= PROBLEM DETAILS =
Show each line of the records in which the word "Cminus" occurs.

= DATA PROVIDED =
(* The second-order Taylor remainder of [q |-> 2 / sqrt q] at [B^2], with
   [A] the branch value at [q = B^2 + d]. *)
Lemma Cmod_inv_taylor_remainder_le (A B d : C) m :
  0 < m -> m <= Cmod B -> m <= Cmod (Cplus A B) -> Cmod d <= m * m / 4 ->
  d = Cminus (Cmult A A) (Cmult B B) ->
  Cmod (Cplus (Cminus (Cdiv (RtoC 2) A) (Cdiv (RtoC 2) B)) (Cdiv d (Cpow B 3)))
    <= 4 / (m * m * m * m * m) * (Cmod d * Cmod d).
Proof.
intros Hm HB HP Hd Ed.
assert (NB : B <> RtoC 0) by (intro E; rewrite E, Cmod_0 in HB; lra).
assert (NP : Cplus A B <> RtoC 0) by (intro E; rewrite E, Cmod_0 in HP; lra).
assert (HAB : Cmod (Cminus A B) <= m / 4).
{ replace (Cminus A B) with (Cdiv d (Cplus A B)) by (rewrite Ed; field; auto).
  rewrite Cmod_div by auto.
  apply Rmult_le_reg_r with (Cmod (Cplus A B)); [lra|].
  unfold Rdiv. rewrite Rmult_assoc, Rinv_l by lra. nra. }
assert (HA : m / 2 <= Cmod A)
  by (assert (T := Cmod_le_Cmod_sub B A); rewrite Cmod_sub_sym in T; lra).
assert (NA : A <> RtoC 0) by (intro E; rewrite E, Cmod_0 in HA; lra).
replace (Cplus (Cminus (Cdiv (RtoC 2) A) (Cdiv (RtoC 2) B)) (Cdiv d (Cpow B 3)))
  with (Cmult (Cmult d d) (Cdiv (Cplus (Cplus A B) B)
          (Cmult (Cmult (Cmult B (Cmult B B)) (Cmult (Cplus A B) (Cplus A B))) A)))
  by (rewrite Ed; simpl; field; repeat split; auto).
set (a := Cmod A) in *. set (b := Cmod B) in *. set (P := Cmod (Cplus A B)) in *.
rewrite Cmod_mult, Cmod_div by (repeat apply Cmult_neq_0; auto).
rewrite !Cmod_mult. fold a b P.
assert (T : Cmod (Cplus (Cplus A B) B) <= P + b) by apply Cmod_triangle.
assert (Hb : 0 < b) by lra. assert (HP0 : 0 < P) by lra. assert (Ha0 : 0 < a) by lra.
assert (Hden : 0 < b * (b * b) * (P * P) * a) by (repeat apply Rmult_lt_0_compat; lra).
assert (Hq : (P + b) / (b * (b * b) * (P * P) * a) <= 4 / (m * m * m * m * m)).
{ replace ((P + b) / (b * (b * b) * (P * P) * a))
    with (/ (b * b * b * P * a) + / (b * b * P * P * a)) by (field; lra).
  replace (4 / (m * m * m * m * m))
    with (/ (m * m * m * m * (m / 2)) + / (m * m * m * m * (m / 2))) by (field; lra).
  assert (m * m <= b * b) by nra. assert (m * m * m <= b * b * b) by nra.
  apply Rplus_le_compat; apply Rinv_le_contravar;
    try (repeat apply Rmult_lt_0_compat; lra); repeat apply Rmult_le_compat; nra. }
assert (Hd0 : 0 <= Cmod d * Cmod d) by (apply Rmult_le_pos; apply Cmod_ge_0).
apply Rle_trans with (Cmod d * Cmod d * ((P + b) / (b * (b * b) * (P * P) * a))); [|nra].
apply Rmult_le_compat_l; [exact Hd0|]. unfold Rdiv.
apply Rmult_le_compat_r; [left; apply Rinv_0_lt_compat; exact Hden | exact T].
Qed.

(** * The integrals [I_nu] *)

Section Branch.

Variables (u : C) (D : C -> Prop) (Rb : R -> C -> C).

Hypothesis HD : open D.
Hypothesis Hnz : forall s t, D s -> -1 <= t <= 1 ->
  Cplus (Cpow (Cplus (RtoC t) u) 2) s <> RtoC 0.
Hypothesis Hsq : forall s t, D s -> -1 <= t <= 1 ->
  Cmult (Rb t s) (Rb t s) = Cplus (Cpow (Cplus (RtoC t) u) 2) s.
Hypothesis Hcont : forall s t, D s -> -1 <= t <= 1 ->
  filterlim (fun t' => Rb t' s)
    (within (fun t' => -1 <= t' <= 1) (locally t)) (locally (Rb t s)).
Hypothesis Hhol : forall s t, D s -> -1 <= t <= 1 -> ex_derive (fun z => Rb t z) s.

(* [Rb] made constant outside [-1, 1], hence continuous in [t] on all of [R]. *)
Definition Rext (s : C) (t : R) : C := Rb (clamp (-1) 1 t) s.

Definition Inu_integrand (s : C) (n : nat) (t : R) : C :=
  Cdiv (Cpow (Cplus (RtoC t) u) n) (Cmult (RtoC (sqrt (t + 1))) (Rb t s)).

(* After the substitution [t = x^2 - 1], [I_n(s) = J s n / (sqrt 2 sa)];
   [dkern] is the [s]-derivative of [kern]. *)
Definition kern (s : C) (n : nat) (x : R) : C :=
  Cdiv (Cmult (RtoC 2) (Cpow (Cplus (RtoC (x * x - 1)) u) n)) (Rext s (x * x - 1)).

Definition dkern (s : C) (n : nat) (x : R) : C :=
  Copp (Cdiv (Cpow (Cplus (RtoC (x * x - 1)) u) n) (Cpow (Rext s (x * x - 1)) 3)).

Definition J (s : C) (n : nat) : C := RIntC (kern s n) 0 (sqrt 2).

Definition dJ (s : C) (n : nat) : C := RIntC (dkern s n) 0 (sqrt 2).

Lemma Rb_neq_0 s t : D s -> -1 <= t <= 1 -> Rb t s <> RtoC 0.
Proof. intros Ds Ht E. apply (Hnz s t Ds Ht). rewrite <- (Hsq s t Ds Ht), E. ring. Qed.

Lemma Rext_neq_0 s t : D s -> Rext s t <> RtoC 0.
Proof. intros Ds. apply Rb_neq_0; [exact Ds | apply clamp_in; lra]. Qed.

Lemma Rext_sq s t : D s -> -1 <= t <= 1 ->
  Cmult (Rext s t) (Rext s t) = Cplus (Cmult (Cplus (RtoC t) u) (Cplus (RtoC t) u)) s.
Proof. intros Ds Ht. unfold Rext. rewrite clamp_id, Hsq by auto. simpl. ring. Qed.

Lemma continuous_Rext s t : D s -> continuous (Rext s) t.
Proof.
intros Ds P HP.
assert (Ht := clamp_in (-1) 1 t ltac:(lra)).
destruct (proj1 (locally_R_Rabs _ _) (Hcont s _ Ds Ht P HP)) as [d [Hd H]].
apply locally_R_Rabs. exists d. split; [exact Hd|]. intros y Hy.
apply H; [eapply Rle_lt_trans; [apply clamp_lipschitz | exact Hy] | apply clamp_in; lra].
Qed.

Lemma sqr_sub_one_range x : 0 <= x <= sqrt 2 -> -1 <= x * x - 1 <= 1.
Proof.
intros Hx. assert (x * x <= sqrt 2 * sqrt 2) by (apply Rmult_le_compat; lra).
rewrite sqrt_sqrt in H by lra. nra.
Qed.

Lemma continuous_kern s n x : D s -> continuous (kern s n) x.
Proof.
intros Ds. apply continuous_Cdiv; [| | apply Rext_neq_0, Ds].
- apply continuous_Cmult; [apply continuous_const|].
  apply continuous_Cpow, (continuous_plus (V := C_R_NormedModule)); [|apply continuous_const].
  apply continuous_RtoC, continuity_pt_filterlim. reg.
- apply (continuous_comp (fun y => y * y - 1) (Rext s)); [|apply continuous_Rext, Ds].
  apply continuity_pt_filterlim. reg.
Qed.

Lemma continuous_dkern s n x : D s -> continuous (dkern s n) x.
Proof.
intros Ds. apply (continuous_opp (V := C_R_NormedModule)), continuous_Cdiv.
- apply continuous_Cpow, (continuous_plus (V := C_R_NormedModule)); [|apply continuous_const].
  apply continuous_RtoC, continuity_pt_filterlim. reg.
- apply continuous_Cpow, (continuous_comp (fun y => y * y - 1) (Rext s));
    [apply continuity_pt_filterlim; reg | apply continuous_Rext, Ds].
- apply Cpow_nz, Rext_neq_0, Ds.
Qed.

Lemma is_RInt_J s n : D s -> is_RInt (kern s n) 0 (sqrt 2) (J s n).
Proof. intros Ds. apply is_RInt_RIntC_continuous. intros x _. apply continuous_kern, Ds. Qed.

Lemma is_RInt_dJ s n : D s -> is_RInt (dkern s n) 0 (sqrt 2) (dJ s n).
Proof. intros Ds. apply is_RInt_RIntC_continuous. intros x _. apply continuous_dkern, Ds. Qed.

Lemma is_RInt_Inu_integrand s n a : D s -> -1 < a <= 1 ->
  is_RInt (Inu_integrand s n) a 1 (RIntC (kern s n) (sqrt (a + 1)) (sqrt 2)).
Proof.
intros Ds Ha.
set (G := fun t => Cdiv (Cpow (Cplus (RtoC t) u) n) (Cmult (RtoC (sqrt (t + 1))) (Rext s t))).
assert (CG : forall t, -1 < t -> continuous G t).
{ intros t Ht. apply continuous_Cdiv.
  - apply continuous_Cpow, (continuous_plus (V := C_R_NormedModule));
      [apply continuous_RtoC, continuous_id | apply continuous_const].
  - apply continuous_Cmult; [|apply continuous_Rext, Ds].
    apply continuous_RtoC, continuous_sqrt_comp, continuity_pt_filterlim. reg.
  - apply Cmult_neq_0; [|apply Rext_neq_0, Ds].
    intro E. injection E. assert (0 < sqrt (t + 1)) by (apply sqrt_lt_R0; lra). lra. }
assert (Hs : sqrt (a + 1) <= sqrt 2) by (apply sqrt_le_1_alt; lra).
assert (Hs0 : 0 <= sqrt (a + 1)) by apply sqrt_pos.
assert (HC := @is_RInt_comp C_R_CompleteNormedModule G (fun x => x * x - 1) (fun x => 2 * x)
  (sqrt (a + 1)) (sqrt 2)).
rewrite Rmin_left, Rmax_right, !sqrt_sqrt in HC by lra.
replace (a + 1 - 1) with a in HC by ring. replace (2 - 1) with 1 in HC by ring.
assert (HCG : forall x, sqrt (a + 1) <= x <= sqrt 2 -> -1 < x * x - 1).
{ intros x Hx. assert (sqrt (a + 1) * sqrt (a + 1) <= x * x) by (apply Rmult_le_compat; lra).
  rewrite sqrt_sqrt in H by lra. lra. }
specialize (HC (fun x Hx => CG _ (HCG x Hx))).
specialize (HC ltac:(intros x _; split;
  [auto_derive; [exact I | ring] | apply continuity_pt_filterlim; reg])).
replace (RIntC (kern s n) (sqrt (a + 1)) (sqrt 2)) with (RIntC G a 1).
- apply (is_RInt_ext G).
  + rewrite Rmin_left, Rmax_right by lra. intros x Hx.
    unfold G, Inu_integrand, Rext. rewrite clamp_id by lra. reflexivity.
  + apply is_RInt_RIntC_continuous. rewrite Rmin_left, Rmax_right by lra.
    intros x Hx. apply CG. lra.
- symmetry. apply (@is_RInt_unique C_R_CompleteNormedModule). eapply is_RInt_ext; [|exact HC].
  rewrite Rmin_left, Rmax_right by exact Hs. intros x Hx.
  rewrite scal_R_Cmult. unfold G, kern.
  replace (x * x - 1 + 1) with (x * x) by ring. rewrite sqrt_square by lra.
  rewrite RtoC_mult. C_eq. field. split; [apply Rext_neq_0, Ds | intro E; injection E; lra].
Qed.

= EXERCISE RESPONSE =
  d = Cminus (Cmult A A) (Cmult B B) ->
  Cmod (Cplus (Cminus (Cdiv (RtoC 2) A) (Cdiv (RtoC 2) B)) (Cdiv d (Cpow B 3)))
assert (HAB : Cmod (Cminus A B) <= m / 4).
{ replace (Cminus A B) with (Cdiv d (Cplus A B)) by (rewrite Ed; field; auto).
replace (Cplus (Cminus (Cdiv (RtoC 2) A) (Cdiv (RtoC 2) B)) (Cdiv d (Cpow B 3)))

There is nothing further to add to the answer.